Speaker: Dr. Sidi Lu, Assistant Professor at William & Mary
Time: January 30, 2025 at 1:30 pm - 3:00 pm
Room: E297L, Discovery Park, UNT
Coordinator: Dr. Kewei Sha
Abstract: With rapid advancements in edge computing, sensing, AI, and communication technologies, vehicles are undergoing a remarkable transformation. This talk will introduce a groundbreaking computing paradigm for the autonomous driving era—vehicle computing. This paradigm decouples data and control layers, creating an open computing platform that fosters multi-party collaboration and data sharing, breaking free from the constraints of traditional, closed vehicle systems. By doing so, vehicles transcend their conventional roles in transportation, evolving into versatile mobile computing platforms capable of supporting a wide range of advanced applications and third-party services. In addition, I will present a series of research efforts focused on developing reliable, scalable, and efficient edge-enabled connected vehicle applications. These include a vehicle-edge-cloud closed-loop framework that significantly reduces bandwidth usage while accelerating inference, a collaborative learning framework that enables both cooperative training and inference, in-transit noise mitigation, and the application of multimodal large language models (MLLMs) for autonomous driving.

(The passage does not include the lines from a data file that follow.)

Lemma disc_cost_series x : (x < n)%nat ->
  is_series (fun k => INR k * delta * beta ^ k * PrCostK k x) (disc_cost x).
Proof.
intros Hx. apply Series_correct. pose proof beta_bounds.
apply (ex_series_le (V := R_CompleteNormedModule) _ (fun k => INR k * beta ^ k * delta)).
- intros k. change (norm ?y) with (Rabs y). pose proof (PrCostK_bounds k x Hx).
  assert (0 < beta ^ k) by (apply pow_lt; lra). assert (0 <= INR k) by apply pos_INR.
  assert (0 <= INR k * beta ^ k) by nra.
  rewrite Rabs_pos_eq; [|apply Rmult_le_pos; nra].
  replace (INR k * delta * beta ^ k * PrCostK k x) with (INR k * beta ^ k * delta * PrCostK k x) by ring.
  assert (0 <= INR k * beta ^ k * delta) by nra. nra.
- apply ex_series_scal_r. apply ex_series_INR_pow. lra.
Qed.

Lemma disc_weight_ge0 k0 x m : (x < n)%nat -> 0 <= disc_weight k0 x m.
Proof.
intros Hx. pose proof (PrCostK_bounds (k0 + m) x Hx). pose proof beta_bounds.
assert (0 < beta ^ (k0 + m)) by (apply pow_lt; lra). unfold disc_weight. nra.
Qed.

Lemma disc_weight_term k0 x i j :
  Rpower alpha (INR k0 * delta + INR i * delta) *
    PrCost n P w x t (INR k0 * delta + INR (i + j) * delta) = / beta ^ j * disc_weight k0 x (j + i).
Proof.
unfold disc_weight, PrCostK.
replace (INR k0 * delta + INR i * delta) with (INR (k0 + i) * delta) by (rewrite plus_INR; ring).
replace (INR k0 * delta + INR (i + j) * delta) with (INR (k0 + (j + i)) * delta)
  by (rewrite !plus_INR; ring).
rewrite Rpower_lattice, (Nat.add_comm j i), Nat.add_assoc, (pow_add beta (k0 + i) j).
field. apply pow_nonzero. pose proof beta_bounds. lra.
Qed.

Lemma disc_hit_ge0 x : (x < n)%nat -> 0 <= disc_hit x.
Proof.
intros Hx. apply (is_series_ge0 (fun k => beta ^ k * PrCostK k x)); [|apply disc_hit_series; auto].
intros k. pose proof (PrCostK_bounds k x Hx). pose proof beta_bounds.
assert (0 < beta ^ k) by (apply pow_lt; lra). nra.
Qed.

Lemma PrCostK_target k : PrCostK k t = if Nat.eqb k 0 then 1 else 0.
Proof.
unfold PrCostK. rewrite PrCost_target by auto. destruct (Req_EM_T (INR k * delta) 0) as [E|E].
- apply Rmult_integral in E. destruct E as [E|E]; [|lra].
  destruct k; [auto|]. pose proof (lt_0_INR (S k) ltac:(lia)). lra.
- destruct k; [simpl in E; lra|auto].
Qed.

Lemma disc_hit_target : disc_hit t = 1.
Proof.
apply is_series_unique. replace 1 with (0 + rsum 1 (fun k => beta ^ k * PrCostK k t))
  by (simpl; rewrite PrCostK_target; simpl; ring).
apply (is_series_untail 1). apply (is_series_ext_R (fun _ => 0)); [|apply is_series_0].
intros k. simpl. rewrite PrCostK_target. simpl. ring.
Qed.

Lemma disc_cost_target : disc_cost t = 0.
Proof.
apply is_series_unique. apply (is_series_ext_R (fun _ => 0)); [|apply is_series_0].
intros k. rewrite PrCostK_target. destruct k; simpl; ring.
Qed.

Lemma PrCost_lattice_shift K k j : (j < n)%nat ->
  PrCost n P w j t (INR k * delta - INR K * delta) = if (k <? K)%nat then 0 else PrCostK (k - K) j.
Proof.
intros Hj. destruct (Nat.ltb_spec k K) as [Hk|Hk].
- apply PrCost_neg_cost with delta; auto. apply lt_INR in Hk. nra.
- unfold PrCostK. rewrite minus_INR by auto. f_equal. ring.
Qed.

Lemma is_series_edge x j (h : nat -> R) (g : R -> R) : (x < n)%nat -> (j < n)%nat ->
  (forall K, is_series (fun i => beta ^ i * h (K + i)%nat * PrCostK i j) (g (INR K * delta))) ->
  is_series (fun k => P x j * (beta ^ k * h k * PrCost n P w j t (INR k * delta - w x j)))
    (Pev P w alpha x j * g (w x j)).
Proof.
intros Hx Hj Hg. unfold Pev. destruct (Req_dec (P x j) 0) as [E|E].
{ rewrite E, !Rmult_0_l. apply (is_series_ext_R (fun _ => 0)); [|apply is_series_0].
  intros; ring. }
destruct (Hw x j Hx Hj (P_neq0_pos n P HPnn x j Hx Hj E)) as [K [_ HK]].
rewrite HK, Rpower_lattice, Rmult_assoc. apply (is_series_scal (V := R_NormedModule)).
replace (beta ^ K * g (INR K * delta)) with
  (beta ^ K * g (INR K * delta) +
   rsum K (fun k => beta ^ k * h k * PrCost n P w j t (INR k * delta - INR K * delta))).
- apply is_series_untail.
  apply (is_series_ext_R (fun i => beta ^ K * (beta ^ i * h (K + i)%nat * PrCostK i j))).
  + intros i. rewrite PrCost_lattice_shift, pow_add by auto.
    destruct (Nat.ltb_spec (K + i) K); [lia|]. replace (K + i - K)%nat with i by lia. ring.
  + apply (is_series_scal (V := R_NormedModule)). auto.
- rewrite (rsum_ext K _ (fun _ => 0)), rsum0; [ring|].
  intros k Hk. rewrite PrCost_lattice_shift by auto. apply Nat.ltb_lt in Hk. rewrite Hk. ring.
Qed.

Lemma is_series_disc_step x (h : nat -> R) (g : nat -> R -> R) : (x < n)%nat -> x <> t ->
  (forall j K, (j < n)%nat ->
     is_series (fun i => beta ^ i * h (K + i)%nat * PrCostK i j) (g j (INR K * delta))) ->
  is_series (fun k => beta ^ k * h k * PrCostK k x)
    (rsum n (fun j => Pev P w alpha x j * g j (w x j))).
Proof.
intros Hx Hxt Hg.
apply (is_series_ext_R (fun k => rsum n (fun j =>
  P x j * (beta ^ k * h k * PrCost n P w j t (INR k * delta - w x j))))).
- intros k. unfold PrCostK. rewrite (PrCost_step n P w t HPnn HProw) by auto.
  rewrite <- rsumZ. apply rsum_ext; intros; ring.
- apply is_series_rsum. intros j Hj. apply is_series_edge; auto.
Qed.

Lemma disc_hit_step x : (x < n)%nat -> x <> t ->
  disc_hit x = rsum n (fun j => Pev P w alpha x j * disc_hit j).
Proof.
intros Hx Hxt. apply is_series_unique.
apply (is_series_ext_R (fun k => beta ^ k * 1 * PrCostK k x)); [intros; ring|].
apply (is_series_disc_step x (fun _ => 1) (fun j _ => disc_hit j)); auto.
intros j K Hj. apply (is_series_ext_R (fun i => beta ^ i * PrCostK i j)); [intros; ring|].
apply disc_hit_series; auto.
Qed.

Lemma disc_cost_step x : (x < n)%nat -> x <> t ->
  disc_cost x = rsum n (fun j => Pev P w alpha x j * (w x j * disc_hit j + disc_cost j)).
Proof.
intros Hx Hxt. apply is_series_unique.
apply (is_series_ext_R (fun k => beta ^ k * (INR k * delta) * PrCostK k x)); [intros; ring|].
apply (is_series_disc_step x (fun k => INR k * delta) (fun j c => c * disc_hit j + disc_cost j));
  auto.
intros j K Hj.
apply (is_series_ext_R (fun i => INR K * delta * (beta ^ i * PrCostK i j) +
                               INR i * delta * beta ^ i * PrCostK i j)).
- intros i. rewrite plus_INR. ring.
- apply (is_series_plus (V := R_NormedModule));
    [apply (is_series_scal (V := R_NormedModule)), disc_hit_series|apply disc_cost_series]; auto.
Qed.
Lemma esum_positions (R : realType) (V : eqType) (x0 : V) s w (r : R) : 0 <= r ->
  (\esum_(p in positions x0 s w) r%:E = (r *+ count_mem w s)%:E)%E.
Proof.
move=> r_ge0; rewrite -nneseries_esum => [|p _]; last by rewrite lee_fin.
rewrite (nneseries_split_cond _ (size s)) => [|p _]; last by rewrite lee_fin.
rewrite eseries0 ?adde0 => [|p]; last by rewrite add0n leqNgt => /negbTE->.
rewrite sumEFin big_const_seq iter_addr_0 add0n /index_iota subn0.
rewrite (@eq_in_count _ _ (fun p => nth x0 s p == w)) => [|p]; last first.
  by rewrite mem_iota /= add0n => ->.
by rewrite -[in count_mem w s](mkseq_nth x0 s) /mkseq count_map.
Qed.

Section Crossings.
Variables (R : realType) (V : finType) (c : V -> V -> R) (v0 : V) (l : V -> R).
Hypothesis c_sym : forall x y, c x y = c y x.
Hypothesis c_ge0 : forall x y, 0 <= c x y.
Hypothesis l_gt0 : forall w, 0 < l w.
Variables (u v : V).
Hypothesis uv : u != v.

Let mu_ge0 P : 0 <= mu_joint c v0 l P. Proof. exact: mu_joint_ge0. Qed.

Let factor_ge0 : 0 <= c u v ^+ 2 * l u * l v.
Proof. by apply: mulr_ge0; [apply: mulr_ge0|]; [apply: exprn_ge0|apply: ltW..]. Qed.

Definition crossings P := (kxy u v P + kxy v u P)%N.

Definition with_crossings n := [set P | crossings P = n] `&` Omega c v0.

Lemma crossingsE P : crossings P = count (joins u v) (steps P).
Proof.
rewrite /crossings /kxy -count_predUI (@eq_count _ (predI _ _) pred0) ?count_pred0 ?addn0 //.
by move=> e /=; apply/andP => -[/eqP -> /eqP [] /eqP]; rewrite (negbTE uv).
Qed.

Lemma crossings_zigzag A a b S B : joins u v (a, b) ->
  crossings (zigzag A a b S B) = (crossings (straight A a b S B)).+2.
Proof. by move=> ab; rewrite !crossingsE count_steps_zigzag ?ab //; exact: joins_swap. Qed.

Lemma with_crossings_eq0 n : c u v = 0 -> with_crossings n.+1 = set0.
Proof.
move=> cuv0; apply/seteqP; split => // P [/= P_cross /OmegaE /and5P[_ _ _ /allP P_edges _]].
have : has (joins u v) (steps P) by rewrite has_count -crossingsE P_cross.
case/hasP => e /P_edges c_e /orP[] /eqP e_uv; move: c_e.
all: by rewrite e_uv /= ?[c v u]c_sym cuv0 ltxx.
Qed.

Variable k : nat.
Hypothesis k_gt1 : (1 < k)%N.

(* A path with k - 1 crossings, marked at a visit to u and at a visit to v;
   [unmark] inserts a zigzag between the two marked visits. *)
Definition marked_paths :=
  with_crossings k.-1 `*`` (fun s => positions v0 s u `*`` (fun _ => positions v0 s v)).

Definition unmark (x : seq V * (nat * nat)) :=
  zigzag_at v0 x.1 (minn x.2.1 x.2.2) (maxn x.2.1 x.2.2).

Lemma with_crossings_sub_unmark : with_crossings k.+1 `<=` unmark @` marked_paths.
Proof.
move=> t [/= t_cross /OmegaE t_omega].
have [a [b [ab_uv ab_twice]]] : exists a b, joins u v (a, b) /\ (1 < kxy a b t)%N.
  have [uv_twice|] := ltnP 1 (kxy u v t); first by exists u, v; rewrite /joins eqxx.
  by exists v, u; rewrite /joins eqxx orbT; split => //; rewrite /crossings in t_cross; lia.
have ab : a != b by case/orP: ab_uv => /eqP[-> ->]; rewrite // eq_sym.
have [A [S [B t_eq]]] := zigzag_split ab ab_twice; subst t.
have [ij js si sj t_at] := zigzag_at_straight v0 A a b S B.
set s := straight A a b S B in js si sj t_at *.
have s_down : with_crossings k.-1 s.
  split; last by apply/OmegaE; exact: omega_path_straight.
  by move: t_cross; rewrite /= crossings_zigzag // -/s; lia.
have pos_i : positions v0 s a (size A) by rewrite /positions /= si eqxx (ltn_trans ij js).
have pos_j : positions v0 s b (size A + (size S).+1) by rewrite /positions /= sj eqxx js.
case/orP: ab_uv => /eqP[ea eb]; rewrite ea eb in pos_i pos_j.
  exists (s, (size A, size A + (size S).+1)%N); first by [].
  by rewrite /unmark /= (minn_idPl (ltnW ij)) (maxn_idPr (ltnW ij)).
exists (s, (size A + (size S).+1, size A)%N); first by [].
by rewrite /unmark /= (minn_idPr (ltnW ij)) (maxn_idPl (ltnW ij)).
Qed.

Lemma mu_unmark x : marked_paths x -> 0 < c u v ->
  mu_joint c v0 l (unmark x) * ((nvis u x.1)%:R * (nvis v x.1)%:R) =
  c u v ^+ 2 * l u * l v * mu_joint c v0 l x.1.
Proof.
case: x => s [p q] /= [[_ /OmegaE s_omega] [/andP[ps /eqP pu] /andP[qs /eqP qv]]] cuv.
have nu_gt0 : (0 < nvis u s)%N by rewrite /nvis -has_count has_pred1 -pu mem_nth.
have nv_gt0 : (0 < nvis v s)%N by rewrite /nvis -has_count has_pred1 -qv mem_nth.
have js : (maxn p q < size s)%N by rewrite gtn_max ps qs.
have [ij ab_uv] : (minn p q < maxn p q)%N /\
    joins u v (nth v0 s (minn p q), nth v0 s (maxn p q)).
  case: (ltngtP p q) => [pq|qp|pq]; last by move: uv; rewrite -pu -qv pq eqxx.
    by rewrite pu qv /joins eqxx.
  by rewrite pu qv /joins eqxx orbT.
have s_eq := straight_at v0 ij js.
rewrite /unmark /zigzag_at /=; move: ab_uv nu_gt0 nv_gt0 s_omega.
set A := take _ s; set a := nth v0 s _; set b := nth v0 s _.
set S := rev _; set B := drop _ s.
rewrite {}s_eq => ab_uv nu_gt0 nv_gt0 /and5P[_ _ /eqP s_last _ _].
have cond_u := cond_gt0 c_ge0 cuv.
have cond_v : 0 < cond c v by apply: (@cond_gt0 _ _ _ c_ge0 _ u); rewrite c_sym.
by apply: mu_zigzag; rewrite // gt_eqF.
Qed.

Lemma esum_unmark s : with_crossings k.-1 s -> 0 < c u v ->
  (\esum_(pq in positions v0 s u `*`` (fun _ => positions v0 s v))
     (mu_joint c v0 l (unmark (s, pq)))%:E =
   (c u v ^+ 2 * l u * l v * mu_joint c v0 l s)%:E)%E.
Proof.
move=> s_down cuv; have [_ /OmegaE /and5P[_ _ _ _ /allP s_all]] := s_down.
set r := _ * mu_joint c v0 l s; set N := ((nvis u s)%:R * (nvis v s)%:R : R).
have N_neq0 : N != 0.
  by rewrite mulf_neq0 // pnatr_eq0 -lt0n -has_count has_pred1 s_all ?mem_enum.
have r_ge0 : 0 <= r by rewrite /r mulr_ge0.
have rN_ge0 : 0 <= r / N by rewrite divr_ge0 // /N mulr_ge0.
rewrite (eq_esum (b := fun _ => (r / N)%:E)) => [|[p q] pq_pos].
  rewrite -(esum_esum (a := fun _ _ => (r / N)%:E)) => [|*]; last by rewrite lee_fin.
  rewrite (eq_esum (b := fun _ => (r / N *+ nvis v s)%:E)) => [|p _].
    by rewrite esum_positions ?mulrn_wge0 // -mulrnA mulnC -mulr_natr natrM -/N divfK.
  exact: esum_positions.
by congr EFin; apply: (canRL (mulfK N_neq0)); apply: mu_unmark.
Qed.

Lemma esum_with_crossings_le :
  (\esum_(P in with_crossings k.+1) (mu_joint c v0 l P)%:E <=
   (c u v ^+ 2 * l u * l v)%:E * \esum_(P in with_crossings k.-1) (mu_joint c v0 l P)%:E)%E.
Proof.
have emu_ge0 P : (0 <= (mu_joint c v0 l P)%:E)%E by rewrite lee_fin.
have [cuv_gt0|] := ltP 0 (c u v); last first.
  rewrite le_eqVlt ltNge c_ge0 orbF => /eqP cuv0.
  by rewrite with_crossings_eq0 // esum_set0 mule_ge0 ?lee_fin // esum_ge0.
apply: (le_trans (esum_le_image emu_ge0 with_crossings_sub_unmark)).
pose m_unmark s pq := (mu_joint c v0 l (unmark (s, pq)))%:E.
rewrite (eq_esum (b := fun x => m_unmark x.1 x.2)) => [|[]//].
rewrite -esum_esum => [|s pq _ _]; last exact: emu_ge0.
under eq_esum => s s_down do rewrite (esum_unmark s_down cuv_gt0).
exact: esumZl_le.
Qed.

End Crossings.

(* [nu] divides by [fine] of the total mass, which is 0 when that mass is
   infinite; both sides then vanish. *)
Lemma nu_le_scale (R : realType) (V : finType) (c : V -> V -> R) (v0 : V) (l : V -> R)
    (A B : set (seq V)) (r : R) :
  (forall P, 0 <= mu_joint c v0 l P) -> 0 <= r ->
  (\esum_(P in A `&` Omega c v0) (mu_joint c v0 l P)%:E <=
   r%:E * \esum_(P in B `&` Omega c v0) (mu_joint c v0 l P)%:E)%E ->
  nu c v0 l A <= r * nu c v0 l B.
Proof.
move=> mu_ge0 r_ge0 le_AB; rewrite /nu mulrA.
set total := \esum_(P in Omega c v0) _.
have total_ge0 : (0 <= total)%E by apply: esum_ge0 => P _; rewrite lee_fin.
have [total_fin|] := boolP (total \is a fin_num); last first.
  by move: total_ge0; case: total => // _ _; rewrite invr0 !mulr0.
have fin I : \esum_(P in I `&` Omega c v0) (mu_joint c v0 l P)%:E \is a fin_num.
  rewrite ge0_fin_numE ?esum_ge0 // => [|P _]; last by rewrite lee_fin.
  apply: (@le_lt_trans _ _ total); last by rewrite -ge0_fin_numE.
  by rewrite esum_mkcondl; apply: le_esum => P _; case: ifP; rewrite // lee_fin.
apply: ler_wpM2r; first by rewrite invr_ge0 fine_ge0.
by rewrite -lee_fin EFinM !fineK.
Qed.

Theorem lemma4p9 (R : realType) (V : finType) (c : V -> V -> R) (v0 : V)
    (l : V -> R)
    (c_sym : forall x y, c x y = c y x)
    (c_ge0 : forall x y, 0 <= c x y)
    (c_conn : forall x y, connect (fun a b : V => 0 < c a b) x y)
    (l_gt0 : forall w, 0 < l w)
    (u v : V) (huv : u != v)
    (hsmall : l u * l v * c u v ^+ 2 <= 1 / 16)
    (k : nat) (hk : (184 <= k)%N) :
  nu c v0 l [set P | (kxy u v P + kxy v u P = k.+1)%N]
  <= 1 / 2 * nu c v0 l [set P | (kxy u v P + kxy v u P = k.-1)%N].
Proof.
have k_gt1 : (1 < k)%N by apply: leq_trans hk.
apply: nu_le_scale => [P||]; [exact: mu_joint_ge0 | by [] |].
apply: le_trans; first exact: esum_with_crossings_le.
apply: lee_wpmul2r; first by apply: esum_ge0 => P _; rewrite lee_fin mu_joint_ge0.
by rewrite lee_fin; lra.
Qed.
(* Let $q$ be a prime power, $m>3$, and $n=q^{2m}-1$. For an integer design distance $d\ge2$, the primitive narrow-sense bicyclic hyperbolic code $\mathscr{H}(n\times n,q^2;d)$ over $\mathbb{F}_{q^2}$ contains its Hermitian dual if and only if $d\le\delta_h$, where $$\delta_h=\begin{cases}(q^m-1)^2 & m\text{ odd},\\ q^{2m}-1-q^{m-1} & m\text{ even}.\end{cases}$$
   Context: Bicyclic codes over $\mathbb{F}_{q^2}$: linear subspaces of $\mathbb{F}_{q^2}^{n\times n}$ closed under cyclic shifts of rows and columns, identified with ideals of $\mathbb{F}_{q^2}[X,Y]/\langle X^n-1,Y^n-1\rangle$ via $c\mapsto\sum c_{i,j}X^iY^j$. Let $\alpha$ be a primitive $n$-th root of unity. The $q^2$-ary cyclotomic coset of $(x,y)$ is $\{(xq^{2k}\bmod n,yq^{2k}\bmod n):k\ge0\}$. $\mathscr{H}(n\times n,q^2;d)$ is the set of $c\in\mathbb{F}_{q^2}^{n\times n}$ with $c(\alpha^x,\alpha^y)=0$ for all $(x,y)$ in the union of the $q^2$-ary cyclotomic cosets of the elements of the designed set $Z_{des}=\{(x\bmod n,y\bmod n):1\le x,y\le n,\ xy<d\}$. The Hermitian dual of $C$ is $C^{\perp_h}=\{u\in\mathbb{F}_{q^2}^{n\times n}:\sum_{i,j}u_{i,j}^qc_{i,j}=0\ \forall c\in C\}$. *)

From HB Require Import structures.
From mathcomp Require Import all_boot all_order all_algebra all_field.
Set Implicit Arguments. Unset Strict Implicit. Unset Printing Implicit Defensive.
Import GRing.Theory.
Local Open Scope ring_scope.

Definition prime_power (q : nat) : Prop :=
  exists p k : nat, [/\ prime p, (0 < k)%N & q = (p ^ k)%N].

Definition in_Zdes (n d x y : nat) : Prop :=
  exists x0 y0 : nat,
    [/\ (1 <= x0 <= n)%N, (1 <= y0 <= n)%N, (x0 * y0 < d)%N,
        x = (x0 %% n)%N & y = (y0 %% n)%N].

(* union of the Q-ary cyclotomic cosets of the elements of Z_des *)
Definition in_defset (Q n d x y : nat) : Prop :=
  exists x0 y0 k : nat,
    [/\ in_Zdes n d x0 y0, x = (x0 * Q ^ k %% n)%N & y = (y0 * Q ^ k %% n)%N].

(* c(alpha^x, alpha^y) where c is viewed as sum c_{ij} X^i Y^j, coefficients
   mapped into the extension field L containing alpha via iota *)
Definition bieval (F L : fieldType) (iota : {rmorphism F -> L}) (alpha : L)
  (n : nat) (c : 'M[F]_n) (x y : nat) : L :=
  \sum_(i < n) \sum_(j < n) iota (c i j) * alpha ^+ (x * i) * alpha ^+ (y * j).

Definition in_hypcode (F L : fieldType) (iota : {rmorphism F -> L}) (alpha : L)
  (q n d : nat) (c : 'M[F]_n) : Prop :=
  forall x y : nat, in_defset (q ^ 2) n d x y -> bieval iota alpha c x y = 0.

Definition in_hdual (F : fieldType) (q n : nat) (C : 'M[F]_n -> Prop)
  (u : 'M[F]_n) : Prop :=
  forall c, C c -> \sum_(i < n) \sum_(j < n) (u i j) ^+ q * c i j = 0.

Definition delta_h (q m : nat) : nat :=
  if odd m then ((q ^ m - 1) ^ 2)%N else (q ^ (2 * m) - 1 - q ^ (m - 1))%N.

From HB Require Import structures.
From mathcomp Require Import all_boot all_order all_algebra all_field.
From mathcomp Require Import zify.
From mathcomp.algebra_tactics Require Import ring.
Set Implicit Arguments. Unset Strict Implicit. Unset Printing Implicit Defensive.
Import GRing.Theory.

(* Write n = q^(2m) - 1 and Q = q^2.  A bicyclic code whose defining set Z is a union of
   Q-cyclotomic cosets contains its Hermitian dual iff no (X, Y) in Z has (-qX, -qY) mod n in
   Z.  Both directions use the trace codewords (Tr alpha^(g + a i + b j))_(i,j): for suitable
   (a, b) they lie in the code, resp. in its Hermitian dual, and pairing them with a matrix gives
   a combination of the conjugates alpha^(g Q^k), which are linearly independent
   as functions of g.
   For the hyperbolic designed set, a collision reduces, once the cyclotomic shifts are cleared,
   to two points (x, y), (x', y') of the designed region with x' + q^t x = y' + q^t y = 0 mod n
   for an odd t <= m.  Comparing the coordinates with q^m shows that x y or x' y' is at least
   delta_h, and explicit collisions attain this bound. *)

Lemma dvdn_eq_of_lt_double n z : n %| z -> 0 < z -> z < 2 * n -> z = n.
Proof. by move=> /dvdnP[[|[|k]] ->]; nia. Qed.
(* Let $n=2$. For every pair of distributions $G_1,G_2$ satisfying the standing assumptions, at least one of the qualified majority rules $f^{(1)}$ or $f^{(2)}$ solves program (OPT). In particular, the maximal expected welfare in (OPT) is achieved by an ordinal SCF.
   Context: There are $n\ge 2$ agents $N=\{1,\dots,n\}$ choosing between a Reform $R$ and the Status quo $S$. Agent $i$ gets utility $0$ if $S$ is chosen and utility $v_i\in\mathbb{R}$ if $R$ is chosen. Values are independent random variables $\tilde v_1,\dots,\tilde v_n$, $\tilde v_i\sim G_i$ (Borel probability distributions on $\mathbb{R}$, $G_i(0)=\Pr(\tilde v_i\le 0)$). Standing assumptions: all $\tilde v_i$ have the same support $V$ with $0\notin V$; $\mathbb{E}|\tilde v_i|<\infty$; $p_i:=1-G_i(0)\in(0,1)$. The distributions need not be identical. An SCF is a Borel measurable $f:V^n\to[0,1]$ (probability of choosing $R$). $f$ is anonymous if $f(v)=f(\pi v)$ for every $v\in V^n$ and every permutation $\pi$ of $N$, where $\pi v=(v_{\pi(1)},\dots,v_{\pi(n)})$. $f$ is BIC if for every $i$ and all $v_i,v_i'\in V$: $v_i\,\mathbb{E}(f(v_i,\tilde v_{-i}))\ge v_i\,\mathbb{E}(f(v_i',\tilde v_{-i}))$ (expectation over $\tilde v_{-i}=(\tilde v_j)_{j\neq i}$). Expected welfare is $W(f)=\mathbb{E}\big(f(\tilde v)\sum_{i=1}^n\tilde v_i\big)$. Program (OPT): maximize $W(f)$ subject to $f$ being anonymous and BIC. For $v\in V^n$ let $\chi(v)=\{i\in N: v_i>0\}$. $f$ is ordinal if $f(v)=f(v')$ whenever $\chi(v)=\chi(v')$. For $k\in\{1,\dots,n\}$, the qualified majority rule $f^{(k)}$ is $f^{(k)}(v)=1$ if $|\chi(v)|\ge k$ and $f^{(k)}(v)=0$ otherwise. *)

From HB Require Import structures.
From mathcomp Require Import all_boot all_order all_algebra.
From mathcomp Require Import all_classical all_reals all_analysis.
Set Implicit Arguments. Unset Strict Implicit. Unset Printing Implicit Defensive.
Import Order.TTheory GRing.Theory Num.Theory.
Import numFieldNormedType.Exports.
Local Open Scope classical_set_scope.
Local Open Scope ring_scope.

Bio of the speaker: Sidi Lu is a tenure-track assistant professor of computer science at William & Mary. Her research interests include edge computing, vehicle computing, and applied AI & data science, with a focus on enhancing the reliability, scalability, security, and efficiency of connected and autonomous systems. She has collaborated closely with industry leaders such as Nokia Bell Labs, GM, Toyota, and Ford. She is the recipient of the NSF CRII Award, the Ralph H. Kummler Research Award, and the Michael E. Conrad Research Award. Her disk failure prediction software and related datasets have been downloaded by researchers from over 220 institutions worldwide since 2020.